►

Definition form (u v : 'cV[R]_n) : R := (u^T *m D *m v) 0 0.

Lemma formDl u v w : form (u + v) w = form u w + form v w.
Proof. by rewrite /form linearD /= !mulmxDl mxE. Qed.

Lemma formZl a u w : form (a *: u) w = a * form u w.
Proof. by rewrite /form linearZ /= -!scalemxAl mxE. Qed.

Lemma formNl u w : form (- u) w = - form u w.
Proof. by rewrite -scaleN1r formZl mulN1r. Qed.

Hypothesis D_sym : D^T = D.

Lemma formC u v : form u v = form v u.
Proof. by rewrite /form -trmx11E !trmx_mul trmxK D_sym mulmxA. Qed.

Lemma formDr u v w : form w (u + v) = form w u + form w v.
Proof. by rewrite formC formDl !(formC w). Qed.

Lemma formZr a u w : form w (a *: u) = a * form w u.
Proof. by rewrite formC formZl formC. Qed.

Lemma formNr u w : form w (- u) = - form w u.
Proof. by rewrite formC formNl formC. Qed.

Lemma qf_parallelogram u v :
  qf D (u + v) + qf D (u - v) = 2 * qf D u + 2 * qf D v.
Proof. rewrite /qf -!/(form _ _) !formDl !formDr !formNl !formNr (formC v u); ring. Qed.

Hypothesis D_pos : forall x : 'cV[R]_n, x != 0 -> 0 < qf D x.

Lemma qf_ge0 x : 0 <= qf D x.
Proof.
have [->|/D_pos/ltW //] := eqVneq x 0.
by rewrite /qf mulmx0 mxE.
Qed.

Lemma posdef_unitmx : D \in unitmx.
Proof.
rewrite -row_free_unit -kermx_eq0; apply/negPn/negP => /rowV0Pn [v].
rewrite sub_kermx => /eqP vD vn0.
have : v^T != 0 by rewrite -(inj_eq (@trmx_inj _ _ _)) trmxK linear0.
by move/D_pos; rewrite /qf trmxK vD mul0mx mxE ltxx.
Qed.

(* Half of the variational formula c^T D^-1 c = max_y (2 c^T y - y^T D y):
   expand 0 <= qf D (t y - D^-1 c). *)
Lemma qf_invmx_ge (c y : 'cV[R]_n) (t : R) :
  2 * t * vdot c y - t ^+ 2 * qf D y <= qf (invmx D) c.
Proof.
set z := invmx D *m c.
have Dz : D *m z = c by rewrite /z mulmxA mulmxV ?posdef_unitmx // mul1mx.
have sq_ge0 := qf_ge0 (t *: y - z).
rewrite /qf -/(form _ _) formDl !formDr !formZl !formZr !formNl !formNr in sq_ge0.
have yz : form y z = vdot c y by rewrite vdotC /form /vdot -mulmxA Dz.
have zz : form z z = qf (invmx D) c.
  by rewrite /form -mulmxA Dz -/(vdot z c) vdotC /vdot /z /qf mulmxA.
rewrite (formC z y) yz zz -[form y y]/(qf D y) in sq_ge0.
rewrite expr2; lra.
Qed.

Lemma qf_invmx_ge0 c : 0 <= qf (invmx D) c.
Proof. by have := qf_invmx_ge c 0 0; rewrite !(mul0r, mulr0, expr0n) subr0. Qed.

Lemma qf_invmx_pair_ge (c1 c2 y : 'cV[R]_n) (x tau : R) : 0 < x ->
  vdot c1 y = x -> vdot c2 y = - x ->
  tau * (2 * x) - tau ^+ 2 * (qf D y / (2 * x)) <=
  x * qf (invmx D) c1 + x * qf (invmx D) c2.
Proof.
move=> x_gt0 c1y c2y; set t := tau / (2 * x).
have := qf_invmx_ge c1 y t; have := qf_invmx_ge c2 y (- t).
rewrite c1y c2y => le2 le1.
have -> : tau * (2 * x) - tau ^+ 2 * (qf D y / (2 * x)) =
    x * (2 * t * x - t ^+ 2 * qf D y) + x * (2 * - t * - x - (- t) ^+ 2 * qf D y).
  by rewrite /t; field; rewrite lt0r_neq0.
by rewrite lerD // ler_wpM2l // ltW.
Qed.

End QuadraticForm.

Section PrefixCuts.
Variables (R : comNzRingType) (h k : nat).
Local Notation N := (2 ^ h)%N.
Local Notation V := 'I_N.+1.

Lemma vtxK a : (a <= N)%N -> vtx h a = a :> nat.
Proof. by move=> aN; rewrite /vtx inordK. Qed.

Definition prefix (m : nat) : {set V} := [set v : V | (v < m)%N].

Lemma prefix_neq0 m : (0 < m)%N -> prefix m != set0.
Proof. by move=> m_gt0; apply/set0Pn; exists ord0; rewrite inE. Qed.

Lemma prefix_neqT m : (m <= N)%N -> prefix m != [set: V].
Proof.
move=> mN; apply/negP => /eqP prefixT.
have : (ord_max : V) \in prefix m by rewrite prefixT inE.
by rewrite inE /= ltnNge mN.
Qed.

Lemma vdot_ind (S : {set V}) (y : 'cV[R]_N.+1) :
  vdot (ind R S) y = \sum_(i in S) y i 0.
Proof.
rewrite /vdot mxE [RHS]big_mkcond /=; apply: eq_bigr => i _.
by rewrite !mxE; case: (i \in S); rewrite ?mul1r ?mul0r.
Qed.

Lemma vdot_chi a b (y : 'cV[R]_N.+1) :
  vdot (chi R h (a, b)) y = y (vtx h a) 0 - y (vtx h b) 0.
Proof. by rewrite /chi vdotBl !vdot_ind !big_set1. Qed.

Lemma vdot_chi_prefix a b s : (a <= b <= N)%N ->
  vdot (chi R h (a, b)) (ind R (prefix s.+1)) = ((a <= s < b)%N : nat)%:R.
Proof.
move=> /andP[ab bN]; have aN := leq_trans ab bN.
rewrite vdot_chi !mxE !inE !vtxK // !ltnS.
case: (leqP a s) => [a_le_s|s_lt_a]; case: (leqP b s) => [b_le_s|s_lt_b] /=;
  rewrite ?subrr ?subr0 //.
by move: (leq_trans ab b_le_s); rewrite leqNgt s_lt_a.
Qed.

Lemma qf_lapG_ind (S : {set V}) :
  qf (lapG R h k) (ind R S) = (size (cutEdges h k S))%:R.
Proof.
rewrite /lapG /qf mulmx_sumr mulmx_suml summxE.
rewrite /cutEdges size_filter -sum1_count natr_sum [RHS]big_mkcond /=.
apply: eq_bigr => -[a b] _.
rewrite -/(qf _ _) qf_rank1 vdot_chi /ind !mxE /=.
by case: (vtx h a \in S); case: (vtx h b \in S);
  rewrite /= ?subrr ?subr0 ?sub0r ?sqrrN ?expr1n ?expr0n.
Qed.

Lemma edgesG_ordered : all (fun e => (e.1 < e.2 <= N)%N) (edgesG h k).
Proof.
rewrite /edgesG all_cat; apply/andP; split.
  apply/allP => e /flattenP [s /mapP [i]]; rewrite mem_iota => /andP[_ iN] ->.
  by move/nseqP => [-> _]; rewrite /= leqnn /= add0n in iN *.
apply/allP => e /flattenP [s /mapP [i]]; rewrite mem_iota => /andP[i_gt0 ih] ->.
move/mapP => [j]; rewrite mem_iota add0n => /andP[_ jlt] ->.
rewrite /= ltn_pmul2r ?expn_gt0 // ltnSn /=.
rewrite add1n ltnS in ih.
by rewrite -(subnK ih) expnD leq_pmul2r ?expn_gt0.
Qed.

Lemma sum_itv_indicator (a b M : nat) : (a <= b <= M)%N ->
  \sum_(0 <= m < M) ((a <= m < b)%N : nat)%:R = (b - a)%:R :> R.
Proof.
move=> /andP[ab bM].
rewrite (@big_cat_nat _ _ _ a 0 M) ?(leq_trans ab) //= (@big_cat_nat _ _ _ b a M) //=.
rewrite big1_seq ?add0r; last first.
  by move=> i /andP[_]; rewrite mem_index_iota => /andP[_ ia]; rewrite leqNgt ia.
rewrite [X in _ + X]big1_seq ?addr0; last first.
  by move=> i /andP[_]; rewrite mem_index_iota => /andP[bi _]; rewrite ltnNge bi andbF.
rewrite big_nat_cond (eq_bigr (fun _ => 1)); last by move=> i /andP[/andP[-> ->]].
by rewrite -big_nat_cond sumr_const_nat.
Qed.

Lemma sum_prefix_cuts (f : nat * nat -> R) :
  \sum_(0 <= m < N) \sum_(e <- cutEdges h k (prefix m.+1)) f e =
  \sum_(e <- edgesG h k) (e.2 - e.1)%:R * f e.
Proof.
under eq_bigr => m _ do rewrite big_filter big_mkcond /=.
rewrite exchange_big /= big_seq_cond [RHS]big_seq_cond.
apply: eq_bigr => -[a b] /andP[e_in _].
have /andP[ab bN] := allP edgesG_ordered _ e_in; rewrite /= in ab bN.
have aN := leq_trans (ltnW ab) bN.
rewrite -(@sum_itv_indicator a b N) ?(ltnW ab) // mulr_suml; apply: eq_bigr => m _.
rewrite !inE !vtxK // !ltnS.
case: (leqP a m) => am; case: (leqP b m) => bm /=; rewrite ?mul0r ?mul1r //.
by move: am; rewrite ltnNge (leq_trans (ltnW ab) bm).
Qed.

◄

With the line containing "by rewrite -big_nat_cond sumr_const_nat." as the first and the final line of the entries above as the last, write out that span exactly and nothing more.

SOLUTION:
by rewrite -big_nat_cond sumr_const_nat.
Qed.

Lemma sum_prefix_cuts (f : nat * nat -> R) :
  \sum_(0 <= m < N) \sum_(e <- cutEdges h k (prefix m.+1)) f e =
  \sum_(e <- edgesG h k) (e.2 - e.1)%:R * f e.
Proof.
under eq_bigr => m _ do rewrite big_filter big_mkcond /=.
rewrite exchange_big /= big_seq_cond [RHS]big_seq_cond.
apply: eq_bigr => -[a b] /andP[e_in _].
have /andP[ab bN] := allP edgesG_ordered _ e_in; rewrite /= in ab bN.
have aN := leq_trans (ltnW ab) bN.
rewrite -(@sum_itv_indicator a b N) ?(ltnW ab) // mulr_suml; apply: eq_bigr => m _.
rewrite !inE !vtxK // !ltnS.
case: (leqP a m) => am; case: (leqP b m) => bm /=; rewrite ?mul0r ?mul1r //.
by move: am; rewrite ltnNge (leq_trans (ltnW ab) bm).
Qed.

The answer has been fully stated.